I tried to tell you a few times that I totally expect you to disbelieve my numbers and that there is only one way to verify it yourself. That message didn’t get to you. So tell me how can I deliver that message to you? I don’t understand what the problem is. You try to argue about my node but that one is out of scope for this conversation. I am happy with the performance of my node. I want to find out what else is needed to improve the performance for other nodes as well like for example that one slow down we found for Windows. What is needed to focus on that outcome instead of talking about my node that is currently running better than ever before?

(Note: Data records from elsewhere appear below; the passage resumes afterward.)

(* Let $\chi$ be a Dirichlet character mod $q$ induced by the primitive Dirichlet character $\psi$ mod $q_0$. Then for each $n\ge1$, $$\sum_{d\mid n}\tau(d,\chi)\,\mu(\tfrac nd)\,\overline{\psi(\tfrac nd)}=\begin{cases}n\,\tau(\psi)\,\mu(\frac{q}{nq_0})\,\psi(\frac{q}{nq_0}),& n\mid\frac q{q_0},\\ 0,& n\nmid\frac q{q_0}.\end{cases}$$
   Context: A Dirichlet character mod $m$ is a completely multiplicative $m$-periodic function with $\chi(n)\ne0$ iff $\gcd(n,m)=1$. $\psi$ mod $q_0$ induces $\chi$ mod $q$ if $q_0\mid q$ and $\chi=\psi\chi_q$ with $\chi_q$ the principal character mod $q$; primitive means not induced by a character of modulus a proper divisor. $\mu$ is the Möbius function. For a character $\chi$ mod $m$, $\tau(n,\chi)=\sum_{k=1}^m\chi(k)e^{2\pi ikn/m}$ and $\tau(\chi)=\tau(1,\chi)$. *)

From mathcomp Require Import all_boot all_order all_algebra.
From mathcomp Require Import all_classical all_reals trigo.
From mathcomp.real_closed Require Export complex.
Import GRing.Theory Num.Theory.
Set Implicit Arguments. Unset Strict Implicit. Unset Printing Implicit Defensive.
Local Open Scope ring_scope.
Local Open Scope complex_scope.

Definition moebius (n : nat) : int :=
  if n == 0%N then 0
  else if all (fun p => logn p n == 1%N) (primes n)
       then (-1) ^+ size (primes n) else 0.

Section Dirichlet.
Variable R : realType.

Mitsos · May 9, 2024, 10:26am

On a completely different tangent, those of us that know what they are doing, is it ok if we update a couple of nodes to the upcoming rc version to test this in production or are we expecting an apocalypse if we do that?

littleskunk · May 9, 2024, 10:39am

I did update my own storage nodes already. So far it runs stable. There is one downside. You can’t downgrade this time because this version contains a DB migration. Worst case there might be a way to downgrade by fixing the DB by hand but it might be better to avoid that.

Not included in the current release are the latest Windows improvement. That will hopefully get cherry picked today together with a fix for the trash cleanup job not updating free space numbers. Up to you if you want to wait for that version or just install any version in between.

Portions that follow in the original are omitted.